First, we resolve the conflicting findings that have been reported on the optical gap of a well-known catalysis Co3O4 as an example[1]. We confirm that the formation of small hole polarons significantly influences the optical absorption spectra and introduces extra spectroscopic signature below the intrinsic band gap, leading to a 0.8 eV transition that is often misinterpreted as the band edge that defines the fundamental gap.
Then we discuss the formation of small polarons' effect on carrier concentration, by resolving the controversy of nature of "shallow" or "deep" impurities of intrinsic oxygen vacancies in BiVO4 as an example[2], i.e. how to unify different experiments with the correct definition of ionization energy in polaronic oxides. We further discuss why certain dopants can have very low optimal concentrations (or very early doping bottleneck) in polaronic oxides such as Fe2O3, through a novel "electric-multipole" clustering between dopants and polarons[3]. These multipoles can be very stable at room temperature and are difficult to fully ionize compared to separate dopants, and thus they are detrimental to carrier concentration improvement. This allows us to uncover mysteries of the doping bottleneck in hematite and provide guidance for optimizing doping and carrier conductivity in polaronic oxides toward highly efficient energy conversion applications. In addition, we show the importance of synthesis condition such as synthesis temperature and oxygen partial pressure on dopant and polaron concentrations, and how to optimize the synthesis condition based on theoretical predictions[4].

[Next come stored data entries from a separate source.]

(* Let $\nu>-1$ be real. Then every zero $a\in\mathbb C\setminus\{0\}$ of $x\mapsto J_\nu(x;q^2)$ is real.
   Context: Fix $0<q<1$. For $a\in\mathbb C$ put $(a;q)_0=1$, $(a;q)_k=\prod_{i=0}^{k-1}(1-aq^i)$, $(a;q)_\infty=\prod_{i\ge0}(1-aq^i)$. For $\nu\in\mathbb C$ and $x\in\mathbb C\setminus\{0\}$ the Hahn–Exton $q$-Bessel function is $$J_\nu(x;q^2)=\frac{x^\nu}{(q^2;q^2)_\infty}\sum_{k=0}^\infty\frac{(-1)^kq^{k(k+1)}(q^{2\nu+2k+2};q^2)_\infty}{(q^2;q^2)_k}\,x^{2k},$$ with $x^\nu=\exp(\nu\operatorname{Log}x)$ (principal branch). Thus the zeros of $J_\nu(\cdot;q^2)$ in $\mathbb C\setminus\{0\}$ are the nonzero zeros of the entire function $x^{-\nu}J_\nu(x;q^2)$. *)

From Stdlib Require Import Reals.
From Coquelicot Require Import Coquelicot.
Open Scope R_scope.

Fixpoint qpoch (a q : R) (k : nat) : R :=
  match k with
  | O => 1
  | S k' => qpoch a q k' * (1 - a * q ^ k')
  end.

Definition qpoch_inf (a q : R) : R := real (Lim_seq (fun k => qpoch a q k)).

Fixpoint Cpown (x : C) (n : nat) : C :=
  match n with
  | O => RtoC 1
  | S n' => Cmult (Cpown x n') x
  end.

(* principal argument in (-pi, pi] *)
Definition Arg (x : C) : R :=
  if Rle_dec 0 (Im x) then acos (Re x / Cmod x) else - acos (Re x / Cmod x).

(* principal power x^nu = exp(nu Log x) for real nu and x <> 0:
   exp(nu (ln|x| + i Arg x)) = |x|^nu (cos(nu Arg x) + i sin(nu Arg x)) *)
Definition cpow_real (x : C) (nu : R) : C :=
  (exp (nu * ln (Cmod x)) * cos (nu * Arg x),
   exp (nu * ln (Cmod x)) * sin (nu * Arg x)).

Definition CSeries (a : nat -> C) : C :=
  (Series (fun k => Re (a k)), Series (fun k => Im (a k))).
Lemma local_grp_quotient : connected G -> is_quotient_of H local_grp.
Proof.
move=> Gconn; exists (fun x => ev (repw x)); split.
  by move=> x y; rewrite [gmul x y]/= weval_repw weval_cat.
move=> h; have [w <-] := connected_weval_surj Gconn h.
by exists (cls w); rewrite weval_repw.
Qed.

Definition local_gens (x : local_grp) : Prop := exists s, x = cls [:: (s, true)].

Definition local_gen (s : A) : {x : local_grp | local_gens x} :=
  exist _ (cls [:: (s, true)]) (ex_intro _ s erefl).

Lemma local_gen_inj : injective local_gen.
Proof.
move=> s s' /(congr1 sval) /cls_eq /rloc_weval /=; rewrite !gmulr1; exact: sval_inj.
Qed.

Lemma local_gen_surj t : exists s, t = local_gen s.
Proof. by case: t => x [s xs]; exists s; apply: sval_inj. Qed.

Definition local_gen_label t : A := sval (constructive_indefinite_description _ (local_gen_surj t)).

Lemma local_gen_labelK : cancel local_gen_label local_gen.
Proof. by move=> t; rewrite /local_gen_label; case: constructive_indefinite_description. Qed.

Lemma local_genK : cancel local_gen local_gen_label.
Proof. by move=> s; apply: local_gen_inj; rewrite local_gen_labelK. Qed.

Lemma local_gens_connected : connected (Cay local_gens).
Proof.
apply: Cay_connected => x; have [a ->] := mkw_surj x.
by exists (relabel local_gen a); rewrite weval_relabel; apply: weval_mkw.
Qed.

Lemma local_gens_locally_finite (l : seq A) :
  (forall s, List.In s l) -> locally_finite (Cay local_gens).
Proof.
move=> l_cover; apply: (@Cay_locally_finite _ _ (map local_gen l)) => t.
by have [s ->] := local_gen_surj t; apply: List.in_map.
Qed.

Local Notation LC := (local_cover (G := G) r (one : vtx G)).

Definition lc_walk (C : vtx LC) : seq (dart G) :=
  sval (constructive_indefinite_description _
         (proj2_sig (constructive_indefinite_description _ (proj2_sig C)))).

Lemma lc_walkP C : exists y, @is_walk G one (lc_walk C) y /\ sval C = rclass r (one : vtx G) y (lc_walk C).
Proof.
rewrite /lc_walk; case: (constructive_indefinite_description _ (proj2_sig C)) => y /= exW.
by case: (constructive_indefinite_description _ exW) => W /= [oneWy CW]; exists y.
Qed.

Definition lc_to_grp (C : vtx LC) : local_grp := cls (walk_word (lc_walk C)).

Lemma lc_to_grp_rclass C y W : @is_walk G one W y -> sval C = rclass r (one : vtx G) y W ->
  lc_to_grp C = cls (walk_word W).
Proof.
move=> oneWy CW; have [y' [oneW'y' CW']] := lc_walkP C.
apply/cls_eq; rewrite /rloc (spell_walk_word oneW'y') (spell_walk_word oneWy).
exact: rclass_pi1r oneWy (etrans (esym CW) CW').
Qed.

Definition lc_vertex a : vtx LC :=
  exist _ (rclass r (one : vtx G) (gmul one (ev a)) (spell one a))
        (ex_intro _ _ (ex_intro _ (spell one a) (conj (spell_walk one a) erefl))).

Lemma lc_to_grp_vertex a : lc_to_grp (lc_vertex a) = cls a.
Proof. by rewrite (lc_to_grp_rclass (C := lc_vertex a) (spell_walk one a) erefl) walk_word_spell. Qed.

Lemma lc_vertex_rclass C y W : @is_walk G one W y -> sval C = rclass r (one : vtx G) y W ->
  C = lc_vertex (walk_word W).
Proof.
by move=> oneWy CW; apply: sval_inj; rewrite CW /= (spell_walk_word oneWy) (walk_word_end oneWy).
Qed.

Lemma lc_vertex_rloc a b : rloc a b -> lc_vertex a = lc_vertex b.
Proof. by move=> ab; apply: sval_inj => /=; rewrite (rloc_weval ab); apply: rclass_eq. Qed.

Definition grp_to_lc (x : local_grp) : vtx LC := lc_vertex (repw x).

Lemma lc_to_grpK : cancel lc_to_grp grp_to_lc.
Proof.
move=> C; have [y [oneWy CW]] := lc_walkP C.
rewrite /grp_to_lc (lc_to_grp_rclass oneWy CW) (lc_vertex_rloc (rloc_repw _)).
exact: esym (lc_vertex_rclass oneWy CW).
Qed.

Lemma grp_to_lcK : cancel grp_to_lc lc_to_grp.
Proof. by move=> x; rewrite /grp_to_lc lc_to_grp_vertex mkw_repw. Qed.

Definition lc_edge a (s : A) : edg LC :=
  let g := gmul one (ev a) in
  exist _ (sval (lc_vertex a), ((g, s) : edg G),
           rclass r (one : vtx G) (gmul g (sval s)) (spell one a ++ [:: ((g, s), true)]))
        (ex_intro _ (spell one a) (conj (spell_walk one a) (conj erefl erefl))).

Lemma lc_tl_edge a s : lc_tl (lc_edge a s) = lc_vertex a.
Proof. exact: sval_inj. Qed.

Lemma lc_to_grp_tl_end (t : edg LC) : gmul one (ev (repw (lc_to_grp (lc_tl t)))) = tl (sval t).1.2.
Proof.
have [W [oneW [E1 _]]] := svalP t.
by rewrite (lc_to_grp_rclass (C := lc_tl t) oneW E1) weval_repw (walk_word_end oneW).
Qed.

Definition lc_edge_to_grp (t : edg LC) : edg (Cay local_gens) :=
  (lc_to_grp (lc_tl t), local_gen (sval t).1.2.2).

Definition grp_edge_to_lc (p : edg (Cay local_gens)) : edg LC :=
  lc_edge (repw p.1) (local_gen_label p.2).

Lemma lc_edge_to_grpK : cancel lc_edge_to_grp grp_edge_to_lc.
Proof.
move=> t; apply: lc_edg_eq.
have -> : (sval (grp_edge_to_lc (lc_edge_to_grp t))).1 =
          (sval (grp_to_lc (lc_to_grp (lc_tl t))), (tl (sval t).1.2, (sval t).1.2.2)).
  by rewrite /= local_genK lc_to_grp_tl_end.
rewrite lc_to_grpK.
by rewrite /=; case: (sval t) => [[C1 [g s]] C2].
Qed.

Lemma grp_edge_to_lcK : cancel grp_edge_to_lc lc_edge_to_grp.
Proof.
case=> x t; rewrite /lc_edge_to_grp /grp_edge_to_lc lc_tl_edge local_gen_labelK.
by rewrite -[lc_vertex _]/(grp_to_lc x) grp_to_lcK.
Qed.

Lemma lc_edge_to_grp_ends (t : edg LC) :
  tl (lc_edge_to_grp t) = lc_to_grp (tl t) /\ hd (lc_edge_to_grp t) = lc_to_grp (hd t).
Proof.
split=> //; have [W [oneW [E1 E2]]] := svalP t.
rewrite /lc_edge_to_grp /= (lc_to_grp_rclass (C := lc_tl t) oneW E1).
rewrite (lc_to_grp_rclass (C := lc_hd t) (@is_walk_rcons _ _ _ _ ((sval t).1.2, true) oneW erefl) E2) walk_word_cat.
exact: gmul_mkw.
Qed.

Lemma local_cover_iso : mg_iso LC (Cay local_gens).
Proof.
exists lc_to_grp, lc_edge_to_grp; split; first exact: Bijective lc_to_grpK grp_to_lcK.
split; first exact: Bijective lc_edge_to_grpK grp_edge_to_lcK.
exact: lc_edge_to_grp_ends.
Qed.

End LocalGroup.

Section LocalPresentation.
Variables (H : grp) (T : H -> Prop) (r : nat).
Local Notation G := (Cay T).
Local Notation A := {t : H | T t}.
Local Notation rloc := (@rloc H T r).
Local Notation cls := (mkw (rloc_congruence T r)).
Variable l : seq A.
Hypothesis l_cover : forall s, List.In s l.
Local Notation X := (fin_index l_cover).
Local Notation encode := (relabel (fin_encode l_cover)).
Local Notation decode := (relabel (@fin_decode _ _ l_cover)).

Definition local_relators : seq (seq (X * bool)) :=
  [seq w <- short_words _ r | excluded_middle_informative (rloc (decode w) [::])].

At the end, we show different theoretical models for polaron mobility calculations from a macroscopic dielectric continuum picture with an example of spin polarons in CuO[5] and a microscopic polaron hopping picture by combining generalized Landau-Zener theory and kinetic Monte-Carlo samplings for doped oxides[6].
Our first-principles calculations provide important insights and suggest design principles for optimal optical and transport properties of polaronic oxides.
References:
[1] “Optical Absorption Induced by Small Polaron Formation in Transition Metal Oxides – The Case of Co3O4”, T. Smart, T. Pham, Y. Ping*, and T. Ogitsu*, Physical Review Materials (Rapid Communications), 3, 102401(R), (2019).
[2] “The Role of Point Defects in Enhancing the Conductivity of BiVO4”, H. Seo, Y. Ping and G. Galli*, Chemistry of Materials, 30, 7793, (2018).
[3] “Doping Bottleneck in Hematite: Multipole Clustering by Small Polarons”, T. Smart, V. Baltazar, M. Chen, B. Yao, K. Mayford, F. Bridges, Y. Li, and Y. Ping*, Chemistry of Materials, 33, 4390, (2021).
[4] “The Critical Role of Synthesis Conditions on Small Polaron Carrier Concentrations in Hematite- A First-Principles Study”, Tyler Smart, Mingpeng Chen, Valentin Urena Baltazar, Frank Bridges, Yat Li, Yuan Ping*, under review, (2021).
[5]“Mechanistic Insights of Enhanced Spin Polaron Conduction in CuO through Atomic Doping”, T. Smart, A. Cardiel, F. Wu, K. Choi and Y. Ping*, npj Computational Materials, 4, 61, (2018).
[6] “Combining Landau-Zener Theory and Kinetic Monte Carlo Sampling for Small Polaron Mobility of Doped BiVO4 from First-principles”, F. Wu and Y. Ping*, Journal of Materials Chemistry A, 6, 20025, (2018).